- **PROBLEM**
All of the lines below should be copied word for word.

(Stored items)
%%
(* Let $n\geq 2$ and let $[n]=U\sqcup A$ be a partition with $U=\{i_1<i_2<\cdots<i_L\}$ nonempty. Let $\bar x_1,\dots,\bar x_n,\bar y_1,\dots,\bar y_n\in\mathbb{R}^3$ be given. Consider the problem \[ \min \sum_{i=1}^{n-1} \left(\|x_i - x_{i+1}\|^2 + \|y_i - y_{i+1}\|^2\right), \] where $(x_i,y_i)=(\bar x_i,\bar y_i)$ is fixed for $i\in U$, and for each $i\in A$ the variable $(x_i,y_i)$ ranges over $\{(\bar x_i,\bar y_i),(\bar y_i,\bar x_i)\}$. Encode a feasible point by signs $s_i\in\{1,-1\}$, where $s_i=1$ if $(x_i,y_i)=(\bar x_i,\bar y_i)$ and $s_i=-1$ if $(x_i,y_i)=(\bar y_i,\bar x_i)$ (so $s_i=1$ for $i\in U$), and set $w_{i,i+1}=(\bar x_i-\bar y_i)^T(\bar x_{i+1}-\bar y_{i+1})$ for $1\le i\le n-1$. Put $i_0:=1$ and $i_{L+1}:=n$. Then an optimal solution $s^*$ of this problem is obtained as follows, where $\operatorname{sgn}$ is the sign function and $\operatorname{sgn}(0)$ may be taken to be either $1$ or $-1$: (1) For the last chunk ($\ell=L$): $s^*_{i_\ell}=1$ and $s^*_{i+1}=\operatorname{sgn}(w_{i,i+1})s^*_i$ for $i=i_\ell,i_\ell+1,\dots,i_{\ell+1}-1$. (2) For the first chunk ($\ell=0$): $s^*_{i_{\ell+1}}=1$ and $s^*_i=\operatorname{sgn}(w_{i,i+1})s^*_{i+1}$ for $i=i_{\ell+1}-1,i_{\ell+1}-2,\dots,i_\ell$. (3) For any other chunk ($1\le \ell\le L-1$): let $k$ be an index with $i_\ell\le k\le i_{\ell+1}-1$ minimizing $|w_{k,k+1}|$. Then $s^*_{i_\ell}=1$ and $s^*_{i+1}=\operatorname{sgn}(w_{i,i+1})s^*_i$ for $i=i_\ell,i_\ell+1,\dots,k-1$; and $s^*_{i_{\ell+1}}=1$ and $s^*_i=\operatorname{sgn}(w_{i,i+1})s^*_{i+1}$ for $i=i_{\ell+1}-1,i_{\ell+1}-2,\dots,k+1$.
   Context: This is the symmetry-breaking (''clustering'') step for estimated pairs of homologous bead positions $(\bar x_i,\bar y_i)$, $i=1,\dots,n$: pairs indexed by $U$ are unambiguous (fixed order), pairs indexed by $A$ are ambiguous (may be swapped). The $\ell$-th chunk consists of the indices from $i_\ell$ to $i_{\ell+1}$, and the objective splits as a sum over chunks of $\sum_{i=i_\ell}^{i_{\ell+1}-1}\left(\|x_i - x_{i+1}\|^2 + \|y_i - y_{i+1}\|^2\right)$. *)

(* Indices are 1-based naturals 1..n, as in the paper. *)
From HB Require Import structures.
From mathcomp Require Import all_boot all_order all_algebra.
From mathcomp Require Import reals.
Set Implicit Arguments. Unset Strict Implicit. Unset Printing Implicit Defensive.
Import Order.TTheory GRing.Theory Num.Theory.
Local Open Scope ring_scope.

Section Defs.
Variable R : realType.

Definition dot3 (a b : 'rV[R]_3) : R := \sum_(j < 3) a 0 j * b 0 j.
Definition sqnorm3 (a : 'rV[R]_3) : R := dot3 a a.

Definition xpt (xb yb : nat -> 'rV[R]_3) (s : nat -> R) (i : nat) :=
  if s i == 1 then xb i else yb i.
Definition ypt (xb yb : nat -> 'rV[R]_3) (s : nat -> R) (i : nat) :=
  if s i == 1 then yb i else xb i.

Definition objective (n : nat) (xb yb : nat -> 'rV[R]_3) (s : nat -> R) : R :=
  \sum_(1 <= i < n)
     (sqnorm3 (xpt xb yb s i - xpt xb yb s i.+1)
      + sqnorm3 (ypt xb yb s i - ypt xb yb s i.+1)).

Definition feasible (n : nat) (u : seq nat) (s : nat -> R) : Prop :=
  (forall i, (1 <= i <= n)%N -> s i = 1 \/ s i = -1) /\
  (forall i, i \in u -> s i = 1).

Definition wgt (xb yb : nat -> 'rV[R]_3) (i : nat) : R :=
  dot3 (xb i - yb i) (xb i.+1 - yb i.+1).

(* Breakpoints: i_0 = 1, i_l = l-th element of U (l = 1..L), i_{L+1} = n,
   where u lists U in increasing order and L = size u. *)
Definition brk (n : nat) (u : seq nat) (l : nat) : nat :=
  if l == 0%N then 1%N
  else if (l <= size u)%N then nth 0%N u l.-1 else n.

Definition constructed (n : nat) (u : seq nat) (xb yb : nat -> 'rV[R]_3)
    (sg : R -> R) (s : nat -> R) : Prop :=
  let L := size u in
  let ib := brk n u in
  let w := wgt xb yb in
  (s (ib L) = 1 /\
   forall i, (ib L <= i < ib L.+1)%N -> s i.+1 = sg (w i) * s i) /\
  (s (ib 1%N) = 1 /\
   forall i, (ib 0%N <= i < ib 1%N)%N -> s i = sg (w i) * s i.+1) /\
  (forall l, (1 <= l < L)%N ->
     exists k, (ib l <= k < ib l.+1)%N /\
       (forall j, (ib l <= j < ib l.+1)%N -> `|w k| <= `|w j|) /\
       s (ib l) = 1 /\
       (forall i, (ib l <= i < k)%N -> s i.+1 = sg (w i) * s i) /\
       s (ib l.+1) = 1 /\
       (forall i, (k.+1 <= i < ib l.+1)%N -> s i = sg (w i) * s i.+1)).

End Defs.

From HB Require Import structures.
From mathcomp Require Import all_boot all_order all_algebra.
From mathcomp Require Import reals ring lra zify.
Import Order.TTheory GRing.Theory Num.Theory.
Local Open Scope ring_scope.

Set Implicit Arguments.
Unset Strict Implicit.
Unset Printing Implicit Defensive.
%%
- **WRITTEN REPLY**
(* Let $n\geq 2$ and let $[n]=U\sqcup A$ be a partition with $U=\{i_1<i_2<\cdots<i_L\}$ nonempty. Let $\bar x_1,\dots,\bar x_n,\bar y_1,\dots,\bar y_n\in\mathbb{R}^3$ be given. Consider the problem \[ \min \sum_{i=1}^{n-1} \left(\|x_i - x_{i+1}\|^2 + \|y_i - y_{i+1}\|^2\right), \] where $(x_i,y_i)=(\bar x_i,\bar y_i)$ is fixed for $i\in U$, and for each $i\in A$ the variable $(x_i,y_i)$ ranges over $\{(\bar x_i,\bar y_i),(\bar y_i,\bar x_i)\}$. Encode a feasible point by signs $s_i\in\{1,-1\}$, where $s_i=1$ if $(x_i,y_i)=(\bar x_i,\bar y_i)$ and $s_i=-1$ if $(x_i,y_i)=(\bar y_i,\bar x_i)$ (so $s_i=1$ for $i\in U$), and set $w_{i,i+1}=(\bar x_i-\bar y_i)^T(\bar x_{i+1}-\bar y_{i+1})$ for $1\le i\le n-1$. Put $i_0:=1$ and $i_{L+1}:=n$. Then an optimal solution $s^*$ of this problem is obtained as follows, where $\operatorname{sgn}$ is the sign function and $\operatorname{sgn}(0)$ may be taken to be either $1$ or $-1$: (1) For the last chunk ($\ell=L$): $s^*_{i_\ell}=1$ and $s^*_{i+1}=\operatorname{sgn}(w_{i,i+1})s^*_i$ for $i=i_\ell,i_\ell+1,\dots,i_{\ell+1}-1$. (2) For the first chunk ($\ell=0$): $s^*_{i_{\ell+1}}=1$ and $s^*_i=\operatorname{sgn}(w_{i,i+1})s^*_{i+1}$ for $i=i_{\ell+1}-1,i_{\ell+1}-2,\dots,i_\ell$. (3) For any other chunk ($1\le \ell\le L-1$): let $k$ be an index with $i_\ell\le k\le i_{\ell+1}-1$ minimizing $|w_{k,k+1}|$. Then $s^*_{i_\ell}=1$ and $s^*_{i+1}=\operatorname{sgn}(w_{i,i+1})s^*_i$ for $i=i_\ell,i_\ell+1,\dots,k-1$; and $s^*_{i_{\ell+1}}=1$ and $s^*_i=\operatorname{sgn}(w_{i,i+1})s^*_{i+1}$ for $i=i_{\ell+1}-1,i_{\ell+1}-2,\dots,k+1$.
   Context: This is the symmetry-breaking (''clustering'') step for estimated pairs of homologous bead positions $(\bar x_i,\bar y_i)$, $i=1,\dots,n$: pairs indexed by $U$ are unambiguous (fixed order), pairs indexed by $A$ are ambiguous (may be swapped). The $\ell$-th chunk consists of the indices from $i_\ell$ to $i_{\ell+1}$, and the objective splits as a sum over chunks of $\sum_{i=i_\ell}^{i_{\ell+1}-1}\left(\|x_i - x_{i+1}\|^2 + \|y_i - y_{i+1}\|^2\right)$. *)

(* Indices are 1-based naturals 1..n, as in the paper. *)
From HB Require Import structures.
From mathcomp Require Import all_boot all_order all_algebra.
From mathcomp Require Import reals.
Set Implicit Arguments. Unset Strict Implicit. Unset Printing Implicit Defensive.
Import Order.TTheory GRing.Theory Num.Theory.
Local Open Scope ring_scope.

Section Defs.
Variable R : realType.

Definition dot3 (a b : 'rV[R]_3) : R := \sum_(j < 3) a 0 j * b 0 j.
Definition sqnorm3 (a : 'rV[R]_3) : R := dot3 a a.

Definition xpt (xb yb : nat -> 'rV[R]_3) (s : nat -> R) (i : nat) :=
  if s i == 1 then xb i else yb i.
Definition ypt (xb yb : nat -> 'rV[R]_3) (s : nat -> R) (i : nat) :=
  if s i == 1 then yb i else xb i.

Definition objective (n : nat) (xb yb : nat -> 'rV[R]_3) (s : nat -> R) : R :=
  \sum_(1 <= i < n)
     (sqnorm3 (xpt xb yb s i - xpt xb yb s i.+1)
      + sqnorm3 (ypt xb yb s i - ypt xb yb s i.+1)).

Definition feasible (n : nat) (u : seq nat) (s : nat -> R) : Prop :=
  (forall i, (1 <= i <= n)%N -> s i = 1 \/ s i = -1) /\
  (forall i, i \in u -> s i = 1).

Definition wgt (xb yb : nat -> 'rV[R]_3) (i : nat) : R :=
  dot3 (xb i - yb i) (xb i.+1 - yb i.+1).

(* Breakpoints: i_0 = 1, i_l = l-th element of U (l = 1..L), i_{L+1} = n,
   where u lists U in increasing order and L = size u. *)
Definition brk (n : nat) (u : seq nat) (l : nat) : nat :=
  if l == 0%N then 1%N
  else if (l <= size u)%N then nth 0%N u l.-1 else n.

Definition constructed (n : nat) (u : seq nat) (xb yb : nat -> 'rV[R]_3)
    (sg : R -> R) (s : nat -> R) : Prop :=
  let L := size u in
  let ib := brk n u in
  let w := wgt xb yb in
  (s (ib L) = 1 /\
   forall i, (ib L <= i < ib L.+1)%N -> s i.+1 = sg (w i) * s i) /\
  (s (ib 1%N) = 1 /\
   forall i, (ib 0%N <= i < ib 1%N)%N -> s i = sg (w i) * s i.+1) /\
  (forall l, (1 <= l < L)%N ->
     exists k, (ib l <= k < ib l.+1)%N /\
       (forall j, (ib l <= j < ib l.+1)%N -> `|w k| <= `|w j|) /\
       s (ib l) = 1 /\
       (forall i, (ib l <= i < k)%N -> s i.+1 = sg (w i) * s i) /\
       s (ib l.+1) = 1 /\
       (forall i, (k.+1 <= i < ib l.+1)%N -> s i = sg (w i) * s i.+1)).

End Defs.

From HB Require Import structures.
From mathcomp Require Import all_boot all_order all_algebra.
From mathcomp Require Import reals ring lra zify.
Import Order.TTheory GRing.Theory Num.Theory.
Local Open Scope ring_scope.

Set Implicit Arguments.
Unset Strict Implicit.
Unset Printing Implicit Defensive.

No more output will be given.